When we first stared to plan the varieties we wanted to grow in Cornwall, our focus was on delicate, textural flowers that make bouquets interesting and detailed but are hard to find on the Dutch auction. Our plan was to use these flowers to supplement the Petalon bouquets and nothing else, but as the farm evolved and we experienced the reality of growing flowers ourselves (we’re still very much novices and have lots to learn still!) we realised that it would make more sense to offer our homegrown flowers as a separate product. Growing for the Petalon bouquets meant we had to grow in large enough quantities to ensure we could use the same variety in our bouquets all week. This becomes a bit of a numbers game more than anything else which is A) a bit stressful and B) takes the joy out of growing a little bit.

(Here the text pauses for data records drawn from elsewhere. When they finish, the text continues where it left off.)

Lemma adjM m n p (A : 'M[R[i]]_(m, n)) (B : 'M_(n, p)) :
  adj (A *m B) = adj B *m adj A.
Proof. by rewrite /adj map_mxM trmx_mul. Qed.

Lemma adjK m n (A : 'M[R[i]]_(m, n)) : adj (adj A) = A.
Proof. by apply/matrixP => a b; rewrite /adj !mxE conjcK. Qed.

Lemma adjZ m n c (A : 'M[R[i]]_(m, n)) : adj (c *: A) = conjc c *: adj A.
Proof. by apply/matrixP => a b; rewrite /adj !mxE conjcM. Qed.

Lemma adjD m n (A B : 'M[R[i]]_(m, n)) : adj (A + B) = adj A + adj B.
Proof. by apply/matrixP => a b; rewrite /adj !mxE rmorphD. Qed.

Lemma adj0 m n : adj (0 : 'M[R[i]]_(m, n)) = 0.
Proof. by apply/matrixP => a b; rewrite /adj !mxE conjc0. Qed.

Lemma adj_sum m n (I : Type) (r : seq I) (P : pred I) (F : I -> 'M[R[i]]_(m, n)) :
  adj (\sum_(j <- r | P j) F j) = \sum_(j <- r | P j) adj (F j).
Proof. exact: (big_morph _ (@adjD m n) (@adj0 m n)). Qed.

Lemma adj_single n (c : R) j :
  adj (\matrix_(a, b) (if (a == j) && (b == j) then c%:C else 0) : 'M_n) =
  \matrix_(a, b) (if (a == j) && (b == j) then c%:C else 0).
Proof.
apply/matrixP => a b; rewrite /adj !mxE andbC.
by case: (_ && _); rewrite ?conjc_real ?conjc0.
Qed.

Lemma adj_tstar m n (A : 'M[R[i]]_(m, n)) : (A ^t*)%sesqui = adj A.
Proof. by rewrite /adj map_trmx. Qed.

End Adjoint.

Section MinMaxOrd.
Variable R : realType.

Lemma min_seq_mem (s : seq R) : s != [::] -> min_seq s \in s.
Proof.
case: s => [//|x t] _; elim: t => [|z t IHt]; first by rewrite inE.
move: IHt; rewrite /= !inE; have [_ _|_] := leP z (foldr Num.min x t).
  by rewrite eqxx orbT.
by case/orP => ->; rewrite ?orbT.
Qed.

Lemma min_seq_le (s : seq R) y : y \in s -> min_seq s <= y.
Proof.
case: s => [//|x t]; elim: t y => [|z t IHt] y; first by rewrite inE => /eqP ->.
rewrite /= in IHt *; rewrite !inE ge_min => /or3P[/eqP ->|/eqP ->|y_t].
- by rewrite IHt ?orbT ?inE ?eqxx.
- by rewrite lexx.
- by rewrite IHt ?orbT ?inE ?y_t ?orbT.
Qed.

This slight change of plan has two implications. Firstly, it means that now we don’t have to focus on growing just textural flowers that supplement our bouquets, we can also add some big focal flowers in to the mix too. Secondly, we don’t have to concentrate on growing lots of one variety in just one colour. Instead of a whole bed of red snapdragons which need to be consistent with the photo of the red bouquet we’re offering that week, we can grow a bed of ‘sunset mix’, for example – peaches, oranges, creams and yellows. If there’s a colour we really like in that mix that’s hard to buy as a colour variety on its own, we can wait for it to go to seed and then use these seeds to grow that colour again next year. This means instead of worrying about numbers and consistent colours, we can grow in a way that’s far more in-keeping with a natural, varied, ephemeral thing. With our Field Flowers, which we launched earlier this year, we can offer seasonal flowers as and when they look their best in whatever quantities and wonderfully varied colours they’re available in on any given week. And the bonus is that when we do have lots of a particular variety, as we did with our cynoglossum and our clarkia this year, we can add these to the Petalon bouquets too.

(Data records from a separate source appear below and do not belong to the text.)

(* Let $T$ be a reduced linear trellis of length $n$. (1) If $S^1,\dots,S^r\le\mathbb{S}(T)$ are subspaces such that $\mathbb{S}_{\mathfrak{s}}(T)=\bigoplus_{i=1}^r\bigl(S^i\cap\mathbb{S}_{\mathfrak{s}}(T)\bigr)$ for every span $\mathfrak{s}$, then $S^i=\mathbb{S}(T(S^i))$ for every $i$, and there is a linear isomorphism $f:T\to\bigotimes_{i=1}^rT(S^i)$ mapping each subtrellis $T(S^i)$ onto the natural copy $0\otimes\cdots\otimes0\otimes T(S^i)\otimes0\otimes\cdots\otimes0$. (2) Conversely, if $T_1,\dots,T_r$ are linear trellises of length $n$ with $\sum_{i=1}^r\dim\mathbb{S}_{(a,0)}(T_i)\le1$ for all $a\in\mathbb{Z}_n$, and $f:T\to\bigotimes_{i=1}^rT_i$ is a linear isomorphism, then for every span $\mathfrak{s}$ $$\mathbb{S}_{\mathfrak{s}}(T)=\bigoplus_{i=1}^r\mathbb{S}_{\mathfrak{s}}\bigl(f^{-1}(0\otimes\cdots\otimes0\otimes T_i\otimes0\otimes\cdots\otimes0)\bigr).$$
   Context: Let $\mathbb{F}$ be a finite field and $n\ge1$; indices are taken in $\mathbb{Z}_n$. A trellis $T$ of length $n$ over $\mathbb{F}$ consists of pairwise disjoint finite vertex sets $V_i(T)$, $i\in\mathbb{Z}_n$, and edge sets $E_i(T)\subseteq V_i(T)\times\mathbb{F}\times V_{i+1}(T)$; $(v,\alpha,w)\in E_i(T)$ is an edge from $v$ to $w$ with label $\alpha$. Trellises are trim (each vertex has an outgoing and an incoming edge). $T$ is linear if each $V_i(T)$ is an $\mathbb{F}$-vector space and each $E_i(T)$ a subspace. A cycle is a closed path of length $n$ starting in $V_0(T)$, identified with $(\mathbf{v},\boldsymbol{\alpha})\in\prod_iV_i(T)\times\mathbb{F}^n$; $\mathbb{S}(T)$ is the (linear) space of cycles. $T$ is reduced if every edge lies on a cycle. A linear subtrellis $T''\le T$ is a trim subgraph with $V_i(T'')\le V_i(T)$, $E_i(T'')\le E_i(T)$ subspaces; its cycles are cycles of $T$, so $\mathbb{S}(T'')\le\mathbb{S}(T)$. For $S\le\mathbb{S}(T)$, $T(S)$ is the subtrellis of $T$ consisting of all vertices and edges lying on some cycle in $S$. A linear isomorphism $f:T\to T'$ is a family of linear bijections $f_i:V_i(T)\to V_i(T')$ with $(v,\alpha,w)\in E_i(T)\iff(f_i(v),\alpha,f_{i+1}(w))\in E_i(T')$. The product $T\otimes T'$ has $V_i=V_i(T)\times V_i(T')$ and $E_i=\{((v,v'),\alpha+\alpha',(w,w')):(v,\alpha,w)\in E_i(T),(v',\alpha',w')\in E_i(T')\}$; products of several trellises are defined iteratively, and $0\otimes\cdots\otimes T_i\otimes\cdots\otimes0$ denotes the linear subtrellis of $\bigotimes_kT_k$ that is the image of $T_i$ under $v\mapsto(0,\dots,0,v,0,\dots,0)$. Spans: for $a\in\mathbb{Z}_n$, $0\le l\le n-1$, $[a,a+l]=\{a,\dots,a+l\}$, $(a,a+l]=[a,a+l]\setminus\{a\}$; $(a,l)$ is a span; also degenerate spans $\emptyset$ and $\mathbb{Z}_n$. A nondegenerate $(a,l)$ is a span of a cycle $(\mathbf{v},\boldsymbol{\alpha})$ if $\{i:v_i\ne0\}\subseteq(a,a+l]$ and $\{i:\alpha_i\ne0\}\subseteq[a,a+l]$; $\emptyset$ is a span only of the zero cycle and $\mathbb{Z}_n$ of every cycle. $\mathbb{S}_{\mathfrak{s}}(T)$ is the subspace of cycles having span $\mathfrak{s}$ (for a subtrellis, its cycles having span $\mathfrak{s}$). *)

From HB Require Import structures.
From mathcomp Require Import all_boot all_order all_algebra.
Set Implicit Arguments. Unset Strict Implicit. Unset Printing Implicit Defensive.
Import GRing.Theory.
Local Open Scope ring_scope.

Section Trellis.
Variables (F : finFieldType) (n : nat).

(* indices are taken in Z_n, represented by 'I_n; i+1 is the cyclic successor *)
Definition succ (i : 'I_n) : 'I_n := ordS i.

Definition edgeT (vT : vectType F) := ((vT * F^o) * vT)%type.

(* A linear trellis: vertex spaces V_i and edge spaces E_i, all realized as
   subspaces of a common ambient F-vector space vT. *)
Record ltrellis (vT : vectType F) := LTrellis {
  tV : 'I_n -> {vspace vT};
  tE : 'I_n -> {vspace edgeT vT} }.

Section OneTrellis.
Variables (vT : vectType F) (T : ltrellis vT).

Definition wf_trellis : Prop :=
  forall i v a w, (v, a, w) \in tE T i -> v \in tV T i /\ w \in tV T (succ i).

Definition trim : Prop :=
  (forall i v, v \in tV T i -> exists a w, (v, a, w) \in tE T i) /\
  (forall i w, w \in tV T (succ i) -> exists v a, (v, a, w) \in tE T i).

Definition is_trellis : Prop := wf_trellis /\ trim.

End OneTrellis.

(* the ambient space of cycles (v, alpha) in prod_i V_i x F^n *)
Definition cycT (vT : vectType F) := ({ffun 'I_n -> vT} * {ffun 'I_n -> F^o})%type.

Definition edge_at (vT : vectType F) (i : 'I_n) (c : cycT vT) : edgeT vT :=
  (c.1 i, c.2 i, c.1 (succ i)).

Definition vert_at (vT : vectType F) (i : 'I_n) (c : cycT vT) : vT := c.1 i.

Definition is_cycle (vT : vectType F) (T : ltrellis vT) (c : cycT vT) : Prop :=
  forall i, edge_at i c \in tE T i.

Definition reduced (vT : vectType F) (T : ltrellis vT) : Prop :=
  forall i e, e \in tE T i -> exists c, is_cycle T c /\ edge_at i c = e.

Definition cycles (vT : vectType F) (T : ltrellis vT) : {vspace cycT vT} :=
  (\bigcap_(i < n) (linfun (@edge_at vT i) @^-1: tE T i))%VS.

Inductive tspan := SpEmpty | SpFull | SpInt of 'I_n & nat.

Definition valid_span (s : tspan) : Prop :=
  match s with SpInt _ l => (l < n)%N | _ => True end.

(* i \in [a, a+l]  and  i \in (a, a+l]  (indices mod n) *)
Definition in_cc (a : 'I_n) (l : nat) (i : 'I_n) : bool :=
  (((i + n - a) %% n) <= l)%N.
Definition in_oc (a : 'I_n) (l : nat) (i : 'I_n) : bool :=
  (0 < (i + n - a) %% n <= l)%N.

Definition has_span (vT : vectType F) (s : tspan) (c : cycT vT) : Prop :=
  match s with
  | SpEmpty => c = 0
  | SpFull => True
  | SpInt a l => forall i, (c.1 i != 0 -> in_oc a l i) /\ (c.2 i != 0 -> in_cc a l i)
  end.

Definition outside (vT : vectType F) (a : 'I_n) (l : nat) (c : cycT vT) : cycT vT :=
  ([ffun i => if in_oc a l i then 0 else c.1 i],
   [ffun i => if in_cc a l i then 0 else c.2 i]).

Definition spanZ (vT : vectType F) (s : tspan) : {vspace cycT vT} :=
  match s with
  | SpEmpty => 0%VS
  | SpFull => fullv
  | SpInt a l => lker (linfun (@outside vT a l))
  end.

Definition Sspan (vT : vectType F) (s : tspan) (T : ltrellis vT) : {vspace cycT vT} :=
  (cycles T :&: spanZ vT s)%VS.

Definition tsub (vT : vectType F) (T : ltrellis vT) (S : {vspace cycT vT}) : ltrellis vT :=
  LTrellis (fun i => (linfun (@vert_at vT i) @: S)%VS)
           (fun i => (linfun (@edge_at vT i) @: S)%VS).

Section Product.
Variables (vT : vectType F) (r : nat) (Ts : 'I_r -> ltrellis vT).

Definition combine (e : {ffun 'I_r -> edgeT vT}) : edgeT {ffun 'I_r -> vT} :=
  ([ffun k => (e k).1.1], \sum_(k < r) (e k).1.2, [ffun k => (e k).2]).

Definition prodT : ltrellis {ffun 'I_r -> vT} :=
  LTrellis
    (fun i => \bigcap_(k < r) (linfun (fun x : {ffun 'I_r -> vT} => x k) @^-1: tV (Ts k) i))%VS
    (fun i => linfun combine @:
       (\bigcap_(k < r) (linfun (fun e : {ffun 'I_r -> edgeT vT} => e k) @^-1: tE (Ts k) i)))%VS.

Definition inj_at (k : 'I_r) (v : vT) : {ffun 'I_r -> vT} :=
  [ffun j => if j == k then v else 0].
Definition injE_at (k : 'I_r) (e : edgeT vT) : edgeT {ffun 'I_r -> vT} :=
  (inj_at k e.1.1, e.1.2, inj_at k e.2).

Definition copyT (k : 'I_r) : ltrellis {ffun 'I_r -> vT} :=
  LTrellis (fun i => (linfun (inj_at k) @: tV (Ts k) i)%VS)
           (fun i => (linfun (injE_at k) @: tE (Ts k) i)%VS).
End Product.

(* linear isomorphisms, given as families of linear maps f_i on the ambient
   spaces whose restrictions to V_i(T) are the bijections V_i(T) -> V_i(T') *)
Section Iso.
Variables (vT wT : vectType F).

Definition edge_map (f : 'I_n -> 'Hom(vT, wT)) (i : 'I_n) (e : edgeT vT) : edgeT wT :=
  (f i e.1.1, e.1.2, f (succ i) e.2).

Definition is_liso (T : ltrellis vT) (T' : ltrellis wT) (f : 'I_n -> 'Hom(vT, wT)) : Prop :=
  forall i,
    (f i @: tV T i)%VS = tV T' i /\
    {in tV T i &, injective (f i)} /\
    (forall v a w, v \in tV T i -> w \in tV T (succ i) ->
       ((v, a, w) \in tE T i) = ((f i v, a, f (succ i) w) \in tE T' i)).

Definition timage (f : 'I_n -> 'Hom(vT, wT)) (T'' : ltrellis vT) : ltrellis wT :=
  LTrellis (fun i => (f i @: tV T'' i)%VS)
           (fun i => (linfun (edge_map f i) @: tE T'' i)%VS).

Definition tpreim (T : ltrellis vT) (f : 'I_n -> 'Hom(vT, wT)) (T'' : ltrellis wT)
  : ltrellis vT :=
  LTrellis (fun i => (tV T i :&: f i @^-1: tV T'' i)%VS)
           (fun i => (tE T i :&: linfun (edge_map f i) @^-1: tE T'' i)%VS).
End Iso.

Definition same_trellis (vT : vectType F) (T1 T2 : ltrellis vT) : Prop :=
  forall i, tV T1 i = tV T2 i /\ tE T1 i = tE T2 i.

End Trellis.

(* Sanity facts: the maps wrapped with linfun above are linear, so linfun
   does not alter them; in particular the cycle space is what it should be. *)
Section Linearity.
Variables (F : finFieldType) (n : nat) (vT wT : vectType F).

Fact edge_at_lin i : linear (@edge_at F n vT i).
Proof. by move=> a u v; rewrite /edge_at /= !ffunE. Qed.
Fact vert_at_lin i : linear (@vert_at F n vT i).
Proof. by move=> a u v; rewrite /vert_at /= !ffunE. Qed.
Fact outside_lin a l : linear (@outside F n vT a l).
Proof.
move=> b u v; rewrite /outside /=; congr (_, _); apply/ffunP=> i; rewrite !ffunE;
  by case: ifP; rewrite ?scaler0 ?addr0.
Qed.
Fact proj_lin (r : nat) (k : 'I_r) : linear (fun x : {ffun 'I_r -> vT} => x k).
Proof. by move=> a u v; rewrite !ffunE. Qed.
Fact combine_lin r : linear (@combine F vT r).
Proof.
move=> a u v; rewrite /combine /=; congr (_, _, _); try (apply/ffunP=> k; rewrite !ffunE //).
by rewrite /= scaler_sumr -big_split; apply: eq_bigr => k _; rewrite !ffunE.
Qed.
Fact inj_at_lin r k : linear (@inj_at F vT r k).
Proof.
by move=> a u v; apply/ffunP=> j; rewrite !ffunE; case: ifP; rewrite ?scaler0 ?addr0.
Qed.
Fact injE_at_lin r k : linear (@injE_at F vT r k).
Proof. by move=> a u v; rewrite /injE_at /= !inj_at_lin. Qed.
Fact edge_map_lin (f : 'I_n -> 'Hom(vT, wT)) i : linear (edge_map f i).
Proof. by move=> a u v; rewrite /edge_map /= !linearP. Qed.

HB.instance Definition _ i :=
  GRing.isLinear.Build F _ _ _ (@edge_at F n vT i) (edge_at_lin i).

Lemma edge_atE i : linfun (@edge_at F n vT i) =1 @edge_at F n vT i.
Proof. exact: (lfunE (GRing.Linear.clone _ _ _ _ (@edge_at F n vT i) _)). Qed.

Lemma mem_cycles (T : ltrellis n vT) c : c \in cycles T <-> is_cycle T c.
Proof.
split.
  rewrite memvE => /subv_bigcapP cT i.
  by have := cT i isT; rewrite -memvE -memv_preim edge_atE.
move=> cT; rewrite memvE; apply/subv_bigcapP => i _.
by rewrite -memvE -memv_preim edge_atE.
Qed.
End Linearity.

From HB Require Import structures.
From mathcomp Require Import all_boot all_order all_algebra.
From mathcomp Require Import zify.
Set Implicit Arguments. Unset Strict Implicit. Unset Printing Implicit Defensive.
Import GRing.Theory.
Local Open Scope ring_scope.

(* The span hypotheses of (1) are needed for three kinds of spans only.  The
   full span makes every cycle of T a unique sum of elements of the S^k.  The
   span (i, n-1), whose cycles are those vanishing at vertex i, separates these
   summands at every vertex, so V_i(T) is the direct sum of the vertex spaces of
   the T(S^k) and the isomorphism is the family of the corresponding
   projections.  The span (i+1, n-2) separates the label of an edge with zero
   endpoints, which forces the cycles of T(S^k) back into S^k.
   For (2), pulling back the components of f(c) splits a cycle c of T into
   cycles of the copies of the T_k which vanish wherever c does, and so inherit
   every span of c.  The splitting is unique: on vertices because the f_i are
   injective, and on labels because a nonzero label on an edge with zero
   endpoints is a cycle of span (a,0), which exists in at most one factor. *)

Section LinearMaps.
Variables (F : finFieldType) (n : nat) (vT wT : vectType F).

(* a name for [fun x => x k], to which HB can attach a linear instance *)
Definition ffun_at (U : vectType F) r (k : 'I_r) (x : {ffun 'I_r -> U}) : U := x k.

HB.instance Definition _ i :=
  GRing.isLinear.Build F _ _ _ (@vert_at F n vT i) (vert_at_lin i).
HB.instance Definition _ a l :=
  GRing.isLinear.Build F _ _ _ (@outside F n vT a l) (outside_lin a l).
HB.instance Definition _ r k :=
  GRing.isLinear.Build F _ _ _ (@inj_at F vT r k) (inj_at_lin k).
HB.instance Definition _ r k :=
  GRing.isLinear.Build F _ _ _ (@injE_at F vT r k) (injE_at_lin k).
HB.instance Definition _ (f : 'I_n -> 'Hom(vT, wT)) i :=
  GRing.isLinear.Build F _ _ _ (@edge_map F n vT wT f i) (edge_map_lin f i).
HB.instance Definition _ r :=
  GRing.isLinear.Build F _ _ _ (@combine F vT r) (@combine_lin F vT r).
HB.instance Definition _ r k :=
  GRing.isLinear.Build F _ _ _ (@ffun_at vT r k) (proj_lin k).

Lemma vert_atE i : linfun (@vert_at F n vT i) =1 @vert_at F n vT i.
Proof. exact: (lfunE (GRing.Linear.clone _ _ _ _ (@vert_at F n vT i) _)). Qed.
Lemma outsideE a l : linfun (@outside F n vT a l) =1 @outside F n vT a l.
Proof. exact: (lfunE (GRing.Linear.clone _ _ _ _ (@outside F n vT a l) _)). Qed.
Lemma inj_atE r k : linfun (@inj_at F vT r k) =1 @inj_at F vT r k.
Proof. exact: (lfunE (GRing.Linear.clone _ _ _ _ (@inj_at F vT r k) _)). Qed.
Lemma injE_atE r k : linfun (@injE_at F vT r k) =1 @injE_at F vT r k.
Proof. exact: (lfunE (GRing.Linear.clone _ _ _ _ (@injE_at F vT r k) _)). Qed.
Lemma edge_mapE f i : linfun (@edge_map F n vT wT f i) =1 @edge_map F n vT wT f i.
Proof. exact: (lfunE (GRing.Linear.clone _ _ _ _ (@edge_map F n vT wT f i) _)). Qed.
Lemma combineE r : linfun (@combine F vT r) =1 @combine F vT r.
Proof. exact: (lfunE (GRing.Linear.clone _ _ _ _ (@combine F vT r) _)). Qed.
Lemma ffun_atE r k : linfun (fun x : {ffun 'I_r -> vT} => x k) =1 (fun x => x k).
Proof. exact: (lfunE (GRing.Linear.clone _ _ _ _ (@ffun_at vT r k) _)). Qed.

As anyone who grows flowers will know and as we ourselves learned this year, there is a bit of a flower gap once the early spring flowers have finished but the late spring flowers are yet to bloom. We’ve just planted some biennials – flowers that are seedlings and grow foliage in their first year then flower and set seed in their second year. The ones we’ve just planted will be green this year and we hope will then flower during this flower gap next year. Playing the long game!

Another way to encourage more blooms in this quieter period is to do an autumn sowing of some varieties directly in to the ground. This means they have a chance to grow in to robust plants with good root systems before the first frost hits. Last year we sowed into trays with these varieties before planting into the ground when they were established, but we had such a dry April and such dry beds that we had lots of plants in trays waiting to go in the ground, but were late due to the conditions. Our larkspur has just started flowering in July but if we autumn sow some of these, it means that if we did have another cold/dry spell next year, then there’s already stuff in the ground growing and we could have our larkspur 4 weeks earlier.

They say you only learn by doing and there’s definitely no shortcuts to this. It’s all trial and error, but we’re really enjoying the process.